Hello,
I have been doint last winter's Advent of Code puzzles in order to practice Nim, and I am stuck at the day 5 puzzle. I use a PE grammar to parse the input; I could have used regular expressions but since the puzzles are going to become progressively harder I figured I might as well learn PEG while the input is still simple enough.
Here is the sample input:
0,9 -> 5,9
8,0 -> 0,8
9,4 -> 3,4
2,2 -> 2,1
7,0 -> 7,4
6,4 -> 2,0
0,9 -> 2,9
3,4 -> 1,4
0,0 -> 8,8
5,5 -> 8,2
Each line of text describes a line: first come the x- and y coordinate of the first point, then an arrow, and finally the coordinates of the last point. My grammar is:
let
grammar = peg"""
lines <- line (\n line)* \n?
line <- first \s+ '->' \s+ last
first <- point
last <- point
point <- x ',' y
x <- coordinate
y <- coordinate
coordinate <- number
number <- \d+
"""
The problem is that if the text file contains a trailing line feed Nim will try to parse the line feed as a number as well. I don't know why, because the last newline of the grammar is optional. The grammar does match, but the event parser throws an error because it cannot parse the last "number", which is just an empty string.
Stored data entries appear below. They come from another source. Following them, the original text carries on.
(* Let $A$ be a unital associative $\mathbb{K}$-algebra. Then $(T^+(A),\bar\bullet^\ell,P_A)$ is a $TD$-algebra with unit $1_A\otimes 1_{\mathbb{K}}$; that is, for all $x,y\in T^+(A)$, $$P_A(x)\,\bar\bullet^\ell\,P_A(y)=P_A\bigl(x\,\bar\bullet^\ell\,P_A(y)+P_A(x)\,\bar\bullet^\ell\,y-x\,\bar\bullet^\ell\,P_A(1_A)\,\bar\bullet^\ell\,y\bigr),$$ where $P_A(1_A)=1_A\otimes1_A$.
   Context: $\mathbb{K}$ is a field of characteristic $0$, $A$ has product $[a;b]$ and unit $1_A$. $T(A)=\bigoplus_{n\ge0}A^{\otimes n}$ with $A^{\otimes0}=\mathbb{K}1_{\mathbb{K}}$; $a\otimes1_{\mathbb{K}}$ is identified with $a$. The left-shift shuffle $\bullet^\ell$ is the bilinear product on $T(A)$ with $k1_{\mathbb{K}}\bullet^\ell U=kU=U\bullet^\ell k1_{\mathbb{K}}$ and, for $a,b\in A$, $U,V\in T(A)$, $(a\otimes U)\bullet^\ell(b\otimes V)=a\otimes\bigl(U\bullet^\ell(b\otimes V)\bigr)+b\otimes\bigl((a\otimes U)\bullet^\ell V\bigr)-[a;b]\otimes1_A\otimes(U\bullet^\ell V)$; it is associative with unit $1_{\mathbb{K}}$. $T^+(A):=A\otimes T(A)=\bigoplus_{n\ge1}A^{\otimes n}$ with product $(a\otimes U)\,\bar\bullet^\ell\,(b\otimes V):=[a;b]\otimes(U\bullet^\ell V)$ and unit $1_A\otimes1_{\mathbb{K}}$ (identified with $1_A$). $P_A:T^+(A)\to T^+(A)$ is the linear map $P_A(a_1\otimes\cdots\otimes a_n)=1_A\otimes a_1\otimes\cdots\otimes a_n$. A $TD$-algebra is a pair $(B,P)$, $B$ a unital associative algebra, $P:B\to B$ linear with $P(x)P(y)=P\bigl(P(x)y+xP(y)\bigr)-P\bigl(x\,P(1_B)\,y\bigr)$ for all $x,y$. *)

From HB Require Import structures.
From mathcomp Require Import all_boot all_order all_algebra.
Set Implicit Arguments. Unset Strict Implicit. Unset Printing Implicit Defensive.
Import GRing.Theory.
Local Open Scope ring_scope.

(* Elements of T(A) = (+)_n A^{(x)n} are represented by formal finite sums
   [:: (k_1, w_1); ...; (k_m, w_m)] standing for  sum_i k_i w_i,
   where a word w = [:: a_1; ...; a_n] stands for the pure tensor
   a_1 (x) ... (x) a_n  (the empty word is 1_K in A^{(x)0} = K). *)
Section TA.
Variables (K : fieldType) (A : algType K).

Definition fsum := seq (K * seq A).

Definition fscale (k : K) (x : fsum) : fsum := [seq (k * p.1, p.2) | p <- x].
Definition fcons (a : A) (x : fsum) : fsum := [seq (p.1, a :: p.2) | p <- x].

Fixpoint shw (u : seq A) : seq A -> fsum :=
  fix shw' (v : seq A) : fsum :=
    match u, v with
    | [::], _ => [:: (1, v)]
    | _, [::] => [:: (1, u)]
    | a :: u', b :: v' =>
        fcons a (shw u' v) ++ fcons b (shw' v')
        ++ fscale (-1) (fcons (a * b) (fcons 1 (shw u' v')))
    end.

Definition shuf (x y : fsum) : fsum :=
  flatten [seq flatten [seq fscale (p.1 * q.1) (shw p.2 q.2) | q <- y] | p <- x].

(* product \bar\bullet^l on T^+(A), on pure tensors:
   (a (x) U) bar (b (x) V) = [a;b] (x) (U \bullet^l V).
   (It is only applied to words of length >= 1.) *)
Definition barw (u v : seq A) : fsum :=
  match u, v with
  | a :: u', b :: v' => fcons (a * b) (shw u' v')
  | _, _ => [::]
  end.

Definition bar (x y : fsum) : fsum :=
  flatten [seq flatten [seq fscale (p.1 * q.1) (barw p.2 q.2) | q <- y] | p <- x].

Definition PA (x : fsum) : fsum := fcons 1 x.

Definition oneA : fsum := [:: (1, [:: 1])].

Definition in_Tplus (x : fsum) : bool := all (fun p => p.2 != [::]) x.

(* A family f : seq A -> V of maps A^n -> V that is linear in each slot,
   i.e. the data of linear maps (+)_n A^{(x)n} -> V. *)
Definition multilinear (V : lmodType K) (f : seq A -> V) : Prop :=
  forall (u v : seq A) (k : K) (a b : A),
    f (u ++ (k *: a + b) :: v) = k *: f (u ++ a :: v) + f (u ++ b :: v).

Definition feval (V : lmodType K) (f : seq A -> V) (x : fsum) : V :=
  \sum_(p <- x) p.1 *: f p.2.

(* Two formal sums denote the same element of T(A) (the tensor products
   being defined by their universal property). *)
Definition teq (x y : fsum) : Prop :=
  forall (V : lmodType K) (f : seq A -> V), multilinear f -> feval f x = feval f y.

End TA.

From mathcomp Require Import all_boot all_order all_algebra.
Local Open Scope ring_scope.
Import GRing.Theory.

(* Both sides are bilinear in (x, y), so it suffices to compare them on pure
   tensors [a :: u] and [b :: w].  There [P(a u) bar P(b w)] is [1 (x) (a u • b w)];
   expanding the shuffle once, its first two summands are [x bar P(y)] and
   [P(x) bar y], and its correction term is [x bar P(1) bar y], because shuffling
   with the single letter [1] merely prepends it. *)

Section Evaluation.
Variables (K : fieldType) (A : algType K) (V : lmodType K).
Implicit Types (f g : seq A -> V) (x y : fsum A).

Lemma feval_cat f x y : feval f (x ++ y) = feval f x + feval f y.
Proof. by rewrite /feval big_cat. Qed.

Lemma feval_fcons f a x : feval f (fcons a x) = feval (fun w => f (a :: w)) x.
Proof. by rewrite /feval big_map. Qed.

Lemma feval_fscale f k x : feval f (fscale k x) = k *: feval f x.
Proof.
by rewrite /feval big_map scaler_sumr; apply: eq_bigr => p _; rewrite scalerA.
Qed.

Lemma feval_seq1 f w : feval f [:: (1, w)] = f w.
Proof. by rewrite /feval big_seq1 scale1r. Qed.

Lemma feval_flatten f (s : seq (fsum A)) :
  feval f (flatten s) = \sum_(t <- s) feval f t.
Proof.
elim: s => [|t s IH]; first by rewrite /feval !big_nil.
by rewrite /= feval_cat IH big_cons.
Qed.

Lemma feval_addf f g x :
  feval (fun w => f w + g w) x = feval f x + feval g x.
Proof. by rewrite /feval -big_split; apply: eq_bigr => p _; rewrite scalerDr. Qed.

Lemma feval_scalef k f x : feval (fun w => k *: f w) x = k *: feval f x.
Proof.
rewrite /feval scaler_sumr; apply: eq_bigr => p _.
by rewrite !scalerA mulrC.
Qed.

Lemma feval_exchange (g : seq A -> seq A -> V) x y :
  feval (fun u => feval (g u) y) x = feval (fun v => feval (g^~ v) x) y.
Proof.
rewrite /feval; under eq_bigr do rewrite scaler_sumr.
rewrite exchange_big /=; apply: eq_bigr => q _.
by rewrite scaler_sumr; apply: eq_bigr => p _; rewrite !scalerA mulrC.
Qed.

Lemma eq_feval_Tplus f g x :
  in_Tplus x -> {in [pred w | w != [::]], f =1 g} -> feval f x = feval g x.
Proof.
move=> /allP xT fg; apply: eq_big_seq => p px.
by rewrite fg //; apply: xT.
Qed.

Lemma feval_bar f x y :
  feval f (bar x y) = feval (fun u => feval (fun v => feval f (barw u v)) y) x.
Proof.
rewrite /bar feval_flatten big_map; apply: eq_bigr => -[k u] _.
rewrite feval_flatten big_map [RHS]scaler_sumr; apply: eq_bigr => -[l v] _.
by rewrite feval_fscale scalerA mulrC -scalerA.
Qed.

End Evaluation.

Section ShuffleUnit.
Variables (K : fieldType) (A : algType K) (V : lmodType K).
Implicit Types (f : seq A -> V) (u w : seq A).

Lemma shw_cons a b u w :
  shw (a :: u) (b :: w) = fcons a (shw u (b :: w)) ++ fcons b (shw (a :: u) w)
    ++ fscale (-1) (fcons (a * b) (fcons 1 (shw u w))).
Proof. by []. Qed.

Lemma barw_cons a b u w : barw (a :: u) (b :: w) = fcons (a * b) (shw u w).
Proof. by []. Qed.

Lemma shw_nil_r u : shw u [::] = [:: (1, u)].
Proof. by case: u. Qed.

Lemma feval_shw_unit_r f u : feval f (shw u [:: 1]) = f (1 :: u).
Proof.
elim: u f => [|c u IH] f; first by rewrite feval_seq1.
rewrite shw_cons !feval_cat !feval_fscale !feval_fcons IH !shw_nil_r !feval_seq1.
by rewrite mulr1 scaleN1r addrCA subrr addr0.
Qed.

Lemma feval_shw_unit_l f u w :
  feval f (shw (1 :: u) w) = feval f (fcons 1 (shw u w)).
Proof.
elim: w f => [|c w IH] f; first by rewrite !shw_nil_r.
rewrite shw_cons !feval_cat !feval_fscale !feval_fcons IH feval_fcons mul1r.
by rewrite scaleN1r subrr addr0.
Qed.

Lemma feval_barw_TD f a b u w :
  let f1 := fun t => f (1 :: t) in
  feval f (barw (1 :: a :: u) (1 :: b :: w)) =
    feval f1 (barw (a :: u) (1 :: b :: w)) + feval f1 (barw (1 :: a :: u) (b :: w))
    - feval (fun t => feval f1 (barw t (b :: w))) (barw (a :: u) [:: 1; 1]).
Proof.
move=> f1; rewrite !barw_cons !mul1r mulr1 shw_cons !feval_fcons !feval_cat.
rewrite feval_fscale !feval_fcons feval_shw_unit_r barw_cons feval_fcons.
by rewrite feval_shw_unit_l feval_fcons scaleN1r addrA.
Qed.

End ShuffleUnit.

Theorem proposition4p7 (K : fieldType) (A : algType K)
  (charK0 : [pchar K] =i pred0) (x y : fsum A) :
  in_Tplus x -> in_Tplus y ->
  teq (bar (PA x) (PA y))
      (PA (bar x (PA y) ++ bar (PA x) y
           ++ fscale (-1) (bar (bar x (PA (oneA A))) y))).
Proof.
move=> xT yT V f _; set f1 := fun t => f (1 :: t).
have correction_term : feval f1 (bar (bar x (PA (oneA A))) y) =
    feval (fun u => feval (fun v =>
      feval (fun t => feval f1 (barw t v)) (barw u [:: 1; 1])) y) x.
  rewrite !feval_bar; apply: eq_bigr => p _.
  by rewrite feval_seq1 feval_exchange.
rewrite /PA feval_fcons -/f1 !feval_cat feval_fscale correction_term !feval_bar.
rewrite !feval_fcons -feval_scalef -!feval_addf.
apply: eq_feval_Tplus => // -[//|a u] _.
rewrite !feval_fcons -feval_scalef -!feval_addf.
apply: eq_feval_Tplus => // -[//|b w] _.
by rewrite feval_barw_TD scaleN1r addrA.
Qed.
Here is my event parser:
type
Coordinate* = distinct Natural
Point* = object
x*, y*: Coordinate
Line* = object
first*, last*: Point
converter to_coordinate*(n: int): Coordinate =
Coordinate(n)
proc parse_lines*(input: string): seq[Line] =
var
lines: seq[Line]
let
parser = block:
var
line: Line
point: Point
x, y, coordinate: Coordinate
grammar.eventParser:
pkNonTerminal:
leave:
let matchstr = s.substr(start, start + length - 1)
case p.nt.name
of "line":
lines.add(line)
of "first":
line.first = point
of "last":
line.last = point
of "point":
point = Point(x: x, y: y)
of "x":
x = coordinate
of "y":
y = coordinate
of "number":
debugEcho "[", matchstr, "]"
coordinate = matchstr.parseInt()
if parser(input) != len(input):
raise newException(ValueError, "Error parsing input string")
lines
discard parse_lines(input) # where input is a text string read from a file
The debugEcho is there for me to verify that all the numbers have been parsed, and it does indeed print all 40 numbers, plus an extra empty pair of brackets. I cannot see anything wrong here, the grammar is pretty straight forward. I solved the previous day's challenge without issue in a similar way. Any idea what is going on here?
Your grammar is wrong, PEGs are deterministic and this rule
lines <- line (\n line)* \n?
can only cause problems.
let
grammar* = peg"""
spec <- draws (separator board)* \n?
separator <- \n \n
draws <- draw (',' draw)*
draw <- number
board <- row \n row \n row \n row \n row
row <- \s* entry \s+ entry \s+ entry \s+ entry \s+ entry
entry <- number
number <- \d+
"""
Do you have a resource to learn from? I don't want to waste your time with non-Nim topics.
PEGs are a strict representation of the simple imperative code that you would write if you were writing a parser by hand.
The documentation of eventParser says that leave handlers are called with length set to -1 for an unsuccessful match. Your code tries to parse an unsuccessful line match in the (\n line)* expression, which cannot work. If the body of the leave block is wrapped in a if length > -1:, it works.
This is not strictly backtracking, since the parser only tries to peek one character ahead after the \n in the expression to find out that the match is unsuccessful, there is no buffer to be rewound and re-read. So the grammar works, but it is pretty regex-y. An IMHO more idiomatic rule would be
lines <- (line (\n / $))+
Thank you, that solved the problem. So if I understand correctly, the parser is trying to match pattern \n line, finds the \n, then tries matching line, which means it tries matching first, point, x, coordinated and finally number, which fails and causes the parser to leave that node.
But then, why does the previous day's code work? Is it because there are no false matches there since the separator is \n \n?
But then, why does the previous day's code work? Is it because there are no false matches there since the separator is n n?
I think so.
it tries matching first, point, x, coordinated and finally number, which fails and causes the parser to leave that node.
Yes, but to be precise: every entered node is left (i.e. its leave handler is executed) eventually, regardless of whether the match succeeded or not. The handler just blows up when parseInt is called on an empty string because of the unsuccessful match.